* Your goal
All lines from the opening of the entries below through the line containing "From Stdlib Require Import Reals Lra." must be output exactly as they appear, with no other lines.
Material for this exercise START
(* Under the hypotheses of Proposition 5.1 (namely: $X$ a real separable Hilbert space, $F:X\to X$ monotone and hemicontinuous, $F(x^\dagger)=y$, $\bar x\in X$, $F$ Fréchet differentiable on $\mathcal B_r(x^\dagger)$ with $r>\|x^\dagger-\bar x\|$ and $x\mapsto F'(x)$ continuous there, the nonlinearity condition $(F'(\tilde x)-F'(x))v=F'(x)g(\tilde x,x,v)$ with $\|g(\tilde x,x,v)\|\le k_0\|\tilde x-x\|\|v\|$ for all $\tilde x,x\in\mathcal B_r(x^\dagger)$, $v\in X$, and $k_0\|x^\dagger-\bar x\|<2$), if moreover $x^\dagger-\bar x\perp\mathcal N(F'(x^\dagger))$, then $\lim_{\alpha\to0}\|x_\alpha-x^\dagger\|=0$, where $x_\alpha$ solves $F(x_\alpha)+\alpha(x_\alpha-\bar x)=y$.
   Context: Monotone: $\langle F(x)-F(\tilde x),x-\tilde x\rangle\ge0$; hemicontinuous: $t\mapsto\langle F(x+tv),z\rangle$ continuous on $[0,1]$. $\mathcal N(\cdot)$ denotes the null space; $\mathcal B_r(x^\dagger)$ the closed ball of radius $r$ around $x^\dagger$. *)

From Stdlib Require Import Reals Lra.
Open Scope R_scope.

Record PreHilbert := {
  hcar :> Type;
  hzero : hcar;
  hadd : hcar -> hcar -> hcar;
  hopp : hcar -> hcar;
  hscal : R -> hcar -> hcar;
  hinner : hcar -> hcar -> R;
  hadd_assoc : forall x y z, hadd x (hadd y z) = hadd (hadd x y) z;
  hadd_comm : forall x y, hadd x y = hadd y x;
  hadd_zero : forall x, hadd x hzero = x;
  hadd_opp : forall x, hadd x (hopp x) = hzero;
  hscal_one : forall x, hscal 1 x = x;
  hscal_assoc : forall a b x, hscal a (hscal b x) = hscal (a * b) x;
  hscal_distr_v : forall a x y, hscal a (hadd x y) = hadd (hscal a x) (hscal a y);
  hscal_distr_s : forall a b x, hscal (a + b) x = hadd (hscal a x) (hscal b x);
  hinner_sym : forall x y, hinner x y = hinner y x;
  hinner_add_l : forall x y z, hinner (hadd x y) z = hinner x z + hinner y z;
  hinner_scal_l : forall a x y, hinner (hscal a x) y = a * hinner x y;
  hinner_pos : forall x, 0 <= hinner x x;
  hinner_def : forall x, hinner x x = 0 -> x = hzero
}.

Section Ops.
Context {X : PreHilbert}.
Definition hsub (x y : X) : X := hadd X x (hopp X y).
Definition hnorm (x : X) : R := sqrt (hinner X x x).
Definition in_ball (c : X) (r : R) (x : X) : Prop := hnorm (hsub x c) <= r.
End Ops.

Definition complete (X : PreHilbert) : Prop :=
  forall u : nat -> X,
    (forall eps, 0 < eps -> exists N, forall m n, (N <= m)%nat -> (N <= n)%nat ->
        hnorm (hsub (u m) (u n)) < eps) ->
    exists l : X, forall eps, 0 < eps -> exists N, forall n, (N <= n)%nat ->
        hnorm (hsub (u n) l) < eps.

Definition separable (X : PreHilbert) : Prop :=
  exists d : nat -> X, forall (x : X) eps, 0 < eps -> exists n, hnorm (hsub x (d n)) < eps.

Definition separable_hilbert (X : PreHilbert) : Prop := complete X /\ separable X.

Definition monotone {X : PreHilbert} (F : X -> X) : Prop :=
  forall x x' : X, 0 <= hinner X (hsub (F x) (F x')) (hsub x x').

Definition hemicontinuous {X : PreHilbert} (F : X -> X) : Prop :=
  forall x v z : X, forall t0, 0 <= t0 <= 1 ->
    forall eps, 0 < eps -> exists delta, 0 < delta /\
      forall t, 0 <= t <= 1 -> Rabs (t - t0) < delta ->
        Rabs (hinner X (F (hadd X x (hscal X t v))) z
              - hinner X (F (hadd X x (hscal X t0 v))) z) < eps.

Definition bounded_linear {X : PreHilbert} (A : X -> X) : Prop :=
  (forall x y, A (hadd X x y) = hadd X (A x) (A y)) /\
  (forall a x, A (hscal X a x) = hscal X a (A x)) /\
  (exists C, forall x, hnorm (A x) <= C * hnorm x).

Definition frechet_deriv_at {X : PreHilbert} (F : X -> X) (x : X) (A : X -> X) : Prop :=
  bounded_linear A /\
  forall eps, 0 < eps -> exists delta, 0 < delta /\
    forall h : X, hnorm h < delta ->
      hnorm (hsub (hsub (F (hadd X x h)) (F x)) (A h)) <= eps * hnorm h.

Definition C1_on_ball {X : PreHilbert} (F : X -> X) (DF : X -> X -> X) (c : X) (r : R) : Prop :=
  (forall x, in_ball c r x -> frechet_deriv_at F x (DF x)) /\
  (forall x, in_ball c r x -> forall eps, 0 < eps -> exists delta, 0 < delta /\
     forall x', in_ball c r x' -> hnorm (hsub x' x) < delta ->
       forall v, hnorm (hsub (DF x' v) (DF x v)) <= eps * hnorm v).

Definition nonlinearity_condition {X : PreHilbert} (DF : X -> X -> X) (c : X) (r k0 : R) : Prop :=
  exists g : X -> X -> X -> X,
    forall xt x v : X, in_ball c r xt -> in_ball c r x ->
      hsub (DF xt v) (DF x v) = DF x (g xt x v) /\
      hnorm (g xt x v) <= k0 * hnorm (hsub xt x) * hnorm v.

(* The regularized solutions satisfy F x_a - F x^† = -a (x_a - xbar), so testing
   monotonicity of F at x^† itself gives |x_a - x^†| <= |x^† - xbar|, and testing it at
   x^† - s w, where F is approximately F x^† - s A w with A = F'(x^†), gives
   |x_a - x^†|^2 <= |d - A w| |d| + o(1) as a -> 0, for d = x^† - xbar and every w.
   It remains to see that d lies in the closure of the range of A. The derivative of a
   monotone map is positive semidefinite; for such an A the residual q = d - p of the best
   approximation p of d from the closure of range A is orthogonal to range A, which
   forces A q = 0, hence <d, q> = 0 and q = 0. *)

From Stdlib Require Import Reals Lra Lia ClassicalEpsilon Classical.
Open Scope R_scope.

Section InnerProduct.
Context {X : PreHilbert}.
Implicit Types (x y z : X) (a : R).

Lemma hscal_0_l x : hscal X 0 x = hzero X.
Proof.
  assert (Hdup : hscal X 0 x = hadd X (hscal X 0 x) (hscal X 0 x)).
  { rewrite <- hscal_distr_s. f_equal. ring. }
  set (u := hscal X 0 x) in *.
  rewrite <- (hadd_opp X u). rewrite Hdup at 2.
  rewrite <- hadd_assoc, hadd_opp, hadd_zero. reflexivity.
Qed.

Lemma hsub_eq0 x y : hsub x y = hzero X -> x = y.
Proof.
  unfold hsub. intros E.
  rewrite <- (hadd_zero X x), <- (hadd_opp X y), (hadd_comm X y), hadd_assoc, E.
  rewrite hadd_comm. apply hadd_zero.
Qed.

Lemma hinner_0_l y : hinner X (hzero X) y = 0.
Proof. rewrite <- (hscal_0_l y), hinner_scal_l. ring. Qed.

Lemma hinner_opp_l x y : hinner X (hopp X x) y = - hinner X x y.
Proof.
  assert (H := hinner_add_l X x (hopp X x) y).
  rewrite hadd_opp, hinner_0_l in H. lra.
Qed.

Lemma hinner_add_r x y z : hinner X x (hadd X y z) = hinner X x y + hinner X x z.
Proof. rewrite !(hinner_sym X x). apply hinner_add_l. Qed.

Lemma hinner_scal_r a x y : hinner X x (hscal X a y) = a * hinner X x y.
Proof. rewrite !(hinner_sym X x). apply hinner_scal_l. Qed.

Lemma hinner_opp_r x y : hinner X x (hopp X y) = - hinner X x y.
Proof. rewrite !(hinner_sym X x). apply hinner_opp_l. Qed.

Lemma hinner_0_r y : hinner X y (hzero X) = 0.
Proof. rewrite hinner_sym. apply hinner_0_l. Qed.

End InnerProduct.

Ltac hinner_expand := unfold hsub in *;
  repeat rewrite ?hinner_add_l, ?hinner_scal_l, ?hinner_opp_l, ?hinner_0_l,
    ?hinner_add_r, ?hinner_scal_r, ?hinner_opp_r, ?hinner_0_r in *.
Material for this exercise END
* Exercise output
(* Under the hypotheses of Proposition 5.1 (namely: $X$ a real separable Hilbert space, $F:X\to X$ monotone and hemicontinuous, $F(x^\dagger)=y$, $\bar x\in X$, $F$ Fréchet differentiable on $\mathcal B_r(x^\dagger)$ with $r>\|x^\dagger-\bar x\|$ and $x\mapsto F'(x)$ continuous there, the nonlinearity condition $(F'(\tilde x)-F'(x))v=F'(x)g(\tilde x,x,v)$ with $\|g(\tilde x,x,v)\|\le k_0\|\tilde x-x\|\|v\|$ for all $\tilde x,x\in\mathcal B_r(x^\dagger)$, $v\in X$, and $k_0\|x^\dagger-\bar x\|<2$), if moreover $x^\dagger-\bar x\perp\mathcal N(F'(x^\dagger))$, then $\lim_{\alpha\to0}\|x_\alpha-x^\dagger\|=0$, where $x_\alpha$ solves $F(x_\alpha)+\alpha(x_\alpha-\bar x)=y$.
   Context: Monotone: $\langle F(x)-F(\tilde x),x-\tilde x\rangle\ge0$; hemicontinuous: $t\mapsto\langle F(x+tv),z\rangle$ continuous on $[0,1]$. $\mathcal N(\cdot)$ denotes the null space; $\mathcal B_r(x^\dagger)$ the closed ball of radius $r$ around $x^\dagger$. *)

From Stdlib Require Import Reals Lra.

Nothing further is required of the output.